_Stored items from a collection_
......
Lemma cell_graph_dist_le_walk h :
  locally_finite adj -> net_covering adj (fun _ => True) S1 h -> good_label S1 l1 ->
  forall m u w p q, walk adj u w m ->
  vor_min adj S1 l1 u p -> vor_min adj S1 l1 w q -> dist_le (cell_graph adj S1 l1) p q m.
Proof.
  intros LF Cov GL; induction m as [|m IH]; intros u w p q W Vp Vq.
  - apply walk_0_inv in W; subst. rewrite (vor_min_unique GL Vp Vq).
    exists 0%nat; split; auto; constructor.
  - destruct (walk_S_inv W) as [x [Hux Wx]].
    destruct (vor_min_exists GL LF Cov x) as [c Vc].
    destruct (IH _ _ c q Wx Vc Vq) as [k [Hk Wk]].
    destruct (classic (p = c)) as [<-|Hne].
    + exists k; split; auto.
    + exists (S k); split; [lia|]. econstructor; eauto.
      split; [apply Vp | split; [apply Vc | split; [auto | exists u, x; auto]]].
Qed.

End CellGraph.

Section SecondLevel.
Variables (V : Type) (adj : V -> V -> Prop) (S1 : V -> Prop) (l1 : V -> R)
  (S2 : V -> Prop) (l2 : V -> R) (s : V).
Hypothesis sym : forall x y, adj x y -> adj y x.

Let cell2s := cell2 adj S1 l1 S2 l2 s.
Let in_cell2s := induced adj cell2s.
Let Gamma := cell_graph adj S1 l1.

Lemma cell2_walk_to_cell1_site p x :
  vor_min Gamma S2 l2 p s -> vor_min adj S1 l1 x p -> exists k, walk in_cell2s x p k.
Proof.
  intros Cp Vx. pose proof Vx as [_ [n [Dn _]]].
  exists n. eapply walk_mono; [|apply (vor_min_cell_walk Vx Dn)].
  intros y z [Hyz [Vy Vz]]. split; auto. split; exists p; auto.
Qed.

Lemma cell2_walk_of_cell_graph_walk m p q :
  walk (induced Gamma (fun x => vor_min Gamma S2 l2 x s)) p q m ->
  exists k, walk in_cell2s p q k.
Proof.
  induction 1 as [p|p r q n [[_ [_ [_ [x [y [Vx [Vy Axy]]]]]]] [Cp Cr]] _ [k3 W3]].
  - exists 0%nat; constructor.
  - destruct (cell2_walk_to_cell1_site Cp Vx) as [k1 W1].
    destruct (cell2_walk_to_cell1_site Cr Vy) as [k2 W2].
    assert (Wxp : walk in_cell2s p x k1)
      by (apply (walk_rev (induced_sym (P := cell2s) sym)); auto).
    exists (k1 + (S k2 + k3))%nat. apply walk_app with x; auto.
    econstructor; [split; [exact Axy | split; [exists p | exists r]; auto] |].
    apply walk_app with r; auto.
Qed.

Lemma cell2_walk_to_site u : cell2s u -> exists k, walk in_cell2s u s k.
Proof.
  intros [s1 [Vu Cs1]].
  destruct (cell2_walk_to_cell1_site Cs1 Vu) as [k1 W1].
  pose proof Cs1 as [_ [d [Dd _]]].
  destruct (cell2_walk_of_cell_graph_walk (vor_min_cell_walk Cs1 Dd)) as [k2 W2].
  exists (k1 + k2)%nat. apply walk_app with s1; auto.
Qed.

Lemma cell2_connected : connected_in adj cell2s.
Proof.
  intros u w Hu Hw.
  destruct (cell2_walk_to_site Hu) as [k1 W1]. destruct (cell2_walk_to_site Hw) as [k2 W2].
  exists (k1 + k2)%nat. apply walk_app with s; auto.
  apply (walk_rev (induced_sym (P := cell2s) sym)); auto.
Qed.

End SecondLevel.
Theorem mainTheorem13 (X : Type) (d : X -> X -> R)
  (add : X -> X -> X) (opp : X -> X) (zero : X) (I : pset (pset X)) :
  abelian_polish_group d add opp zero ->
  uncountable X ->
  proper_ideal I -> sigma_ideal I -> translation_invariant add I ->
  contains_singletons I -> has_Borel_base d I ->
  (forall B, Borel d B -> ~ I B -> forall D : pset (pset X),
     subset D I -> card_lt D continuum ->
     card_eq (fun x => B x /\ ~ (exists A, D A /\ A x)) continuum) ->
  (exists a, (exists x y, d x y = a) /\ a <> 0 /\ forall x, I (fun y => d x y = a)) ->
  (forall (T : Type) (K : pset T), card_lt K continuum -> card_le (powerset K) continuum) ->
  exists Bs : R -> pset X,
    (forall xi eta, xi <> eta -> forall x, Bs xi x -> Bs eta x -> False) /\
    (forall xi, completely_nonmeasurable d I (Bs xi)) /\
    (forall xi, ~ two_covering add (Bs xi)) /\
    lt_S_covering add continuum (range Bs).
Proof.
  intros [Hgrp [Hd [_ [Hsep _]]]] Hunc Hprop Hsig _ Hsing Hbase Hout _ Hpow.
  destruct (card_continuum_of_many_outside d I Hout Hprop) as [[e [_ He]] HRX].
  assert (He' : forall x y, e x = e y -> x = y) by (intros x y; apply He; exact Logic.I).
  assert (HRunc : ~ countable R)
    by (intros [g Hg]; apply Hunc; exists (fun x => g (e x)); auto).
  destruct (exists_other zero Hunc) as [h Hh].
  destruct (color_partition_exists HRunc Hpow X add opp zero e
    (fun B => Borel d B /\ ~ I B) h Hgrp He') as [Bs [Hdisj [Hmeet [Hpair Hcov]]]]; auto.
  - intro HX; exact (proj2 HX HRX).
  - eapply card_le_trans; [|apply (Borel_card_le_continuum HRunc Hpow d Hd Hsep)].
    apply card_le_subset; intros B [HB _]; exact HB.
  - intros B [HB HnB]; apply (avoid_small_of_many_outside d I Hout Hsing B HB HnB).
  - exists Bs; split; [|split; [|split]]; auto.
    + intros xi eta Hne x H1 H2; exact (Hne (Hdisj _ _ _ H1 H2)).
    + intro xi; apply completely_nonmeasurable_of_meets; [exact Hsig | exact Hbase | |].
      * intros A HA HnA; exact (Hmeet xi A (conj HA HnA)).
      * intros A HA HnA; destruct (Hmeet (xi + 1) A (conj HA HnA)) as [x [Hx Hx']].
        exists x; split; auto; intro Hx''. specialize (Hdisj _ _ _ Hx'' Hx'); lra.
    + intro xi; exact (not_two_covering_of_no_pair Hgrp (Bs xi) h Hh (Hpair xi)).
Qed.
......
Set down the records once more, character for character.

Lemma cell_graph_dist_le_walk h :
  locally_finite adj -> net_covering adj (fun _ => True) S1 h -> good_label S1 l1 ->
  forall m u w p q, walk adj u w m ->
  vor_min adj S1 l1 u p -> vor_min adj S1 l1 w q -> dist_le (cell_graph adj S1 l1) p q m.
Proof.
  intros LF Cov GL; induction m as [|m IH]; intros u w p q W Vp Vq.
  - apply walk_0_inv in W; subst. rewrite (vor_min_unique GL Vp Vq).
    exists 0%nat; split; auto; constructor.
  - destruct (walk_S_inv W) as [x [Hux Wx]].
    destruct (vor_min_exists GL LF Cov x) as [c Vc].
    destruct (IH _ _ c q Wx Vc Vq) as [k [Hk Wk]].
    destruct (classic (p = c)) as [<-|Hne].
    + exists k; split; auto.
    + exists (S k); split; [lia|]. econstructor; eauto.
      split; [apply Vp | split; [apply Vc | split; [auto | exists u, x; auto]]].
Qed.

End CellGraph.

Section SecondLevel.
Variables (V : Type) (adj : V -> V -> Prop) (S1 : V -> Prop) (l1 : V -> R)
  (S2 : V -> Prop) (l2 : V -> R) (s : V).
Hypothesis sym : forall x y, adj x y -> adj y x.

Let cell2s := cell2 adj S1 l1 S2 l2 s.
Let in_cell2s := induced adj cell2s.
Let Gamma := cell_graph adj S1 l1.

Lemma cell2_walk_to_cell1_site p x :
  vor_min Gamma S2 l2 p s -> vor_min adj S1 l1 x p -> exists k, walk in_cell2s x p k.
Proof.
  intros Cp Vx. pose proof Vx as [_ [n [Dn _]]].
  exists n. eapply walk_mono; [|apply (vor_min_cell_walk Vx Dn)].
  intros y z [Hyz [Vy Vz]]. split; auto. split; exists p; auto.
Qed.

Lemma cell2_walk_of_cell_graph_walk m p q :
  walk (induced Gamma (fun x => vor_min Gamma S2 l2 x s)) p q m ->
  exists k, walk in_cell2s p q k.
Proof.
  induction 1 as [p|p r q n [[_ [_ [_ [x [y [Vx [Vy Axy]]]]]]] [Cp Cr]] _ [k3 W3]].
  - exists 0%nat; constructor.
  - destruct (cell2_walk_to_cell1_site Cp Vx) as [k1 W1].
    destruct (cell2_walk_to_cell1_site Cr Vy) as [k2 W2].
    assert (Wxp : walk in_cell2s p x k1)
      by (apply (walk_rev (induced_sym (P := cell2s) sym)); auto).
    exists (k1 + (S k2 + k3))%nat. apply walk_app with x; auto.
    econstructor; [split; [exact Axy | split; [exists p | exists r]; auto] |].
    apply walk_app with r; auto.
Qed.

Lemma cell2_walk_to_site u : cell2s u -> exists k, walk in_cell2s u s k.
Proof.
  intros [s1 [Vu Cs1]].
  destruct (cell2_walk_to_cell1_site Cs1 Vu) as [k1 W1].
  pose proof Cs1 as [_ [d [Dd _]]].
  destruct (cell2_walk_of_cell_graph_walk (vor_min_cell_walk Cs1 Dd)) as [k2 W2].
  exists (k1 + k2)%nat. apply walk_app with s1; auto.
Qed.

Lemma cell2_connected : connected_in adj cell2s.
Proof.
  intros u w Hu Hw.
  destruct (cell2_walk_to_site Hu) as [k1 W1]. destruct (cell2_walk_to_site Hw) as [k2 W2].
  exists (k1 + k2)%nat. apply walk_app with s; auto.
  apply (walk_rev (induced_sym (P := cell2s) sym)); auto.
Qed.

End SecondLevel.
Theorem mainTheorem13 (X : Type) (d : X -> X -> R)
  (add : X -> X -> X) (opp : X -> X) (zero : X) (I : pset (pset X)) :
  abelian_polish_group d add opp zero ->
  uncountable X ->
  proper_ideal I -> sigma_ideal I -> translation_invariant add I ->
  contains_singletons I -> has_Borel_base d I ->
  (forall B, Borel d B -> ~ I B -> forall D : pset (pset X),
     subset D I -> card_lt D continuum ->
     card_eq (fun x => B x /\ ~ (exists A, D A /\ A x)) continuum) ->
  (exists a, (exists x y, d x y = a) /\ a <> 0 /\ forall x, I (fun y => d x y = a)) ->
  (forall (T : Type) (K : pset T), card_lt K continuum -> card_le (powerset K) continuum) ->
  exists Bs : R -> pset X,
    (forall xi eta, xi <> eta -> forall x, Bs xi x -> Bs eta x -> False) /\
    (forall xi, completely_nonmeasurable d I (Bs xi)) /\
    (forall xi, ~ two_covering add (Bs xi)) /\
    lt_S_covering add continuum (range Bs).
Proof.
  intros [Hgrp [Hd [_ [Hsep _]]]] Hunc Hprop Hsig _ Hsing Hbase Hout _ Hpow.
  destruct (card_continuum_of_many_outside d I Hout Hprop) as [[e [_ He]] HRX].
  assert (He' : forall x y, e x = e y -> x = y) by (intros x y; apply He; exact Logic.I).
  assert (HRunc : ~ countable R)
    by (intros [g Hg]; apply Hunc; exists (fun x => g (e x)); auto).
  destruct (exists_other zero Hunc) as [h Hh].
  destruct (color_partition_exists HRunc Hpow X add opp zero e
    (fun B => Borel d B /\ ~ I B) h Hgrp He') as [Bs [Hdisj [Hmeet [Hpair Hcov]]]]; auto.
  - intro HX; exact (proj2 HX HRX).
  - eapply card_le_trans; [|apply (Borel_card_le_continuum HRunc Hpow d Hd Hsep)].
    apply card_le_subset; intros B [HB _]; exact HB.
  - intros B [HB HnB]; apply (avoid_small_of_many_outside d I Hout Hsing B HB HnB).
  - exists Bs; split; [|split; [|split]]; auto.
    + intros xi eta Hne x H1 H2; exact (Hne (Hdisj _ _ _ H1 H2)).
    + intro xi; apply completely_nonmeasurable_of_meets; [exact Hsig | exact Hbase | |].
      * intros A HA HnA; exact (Hmeet xi A (conj HA HnA)).
      * intros A HA HnA; destruct (Hmeet (xi + 1) A (conj HA HnA)) as [x [Hx Hx']].
        exists x; split; auto; intro Hx''. specialize (Hdisj _ _ _ Hx'' Hx'); lra.
    + intro xi; exact (not_two_covering_of_no_pair Hgrp (Bs xi) h Hh (Hpair xi)).
Qed.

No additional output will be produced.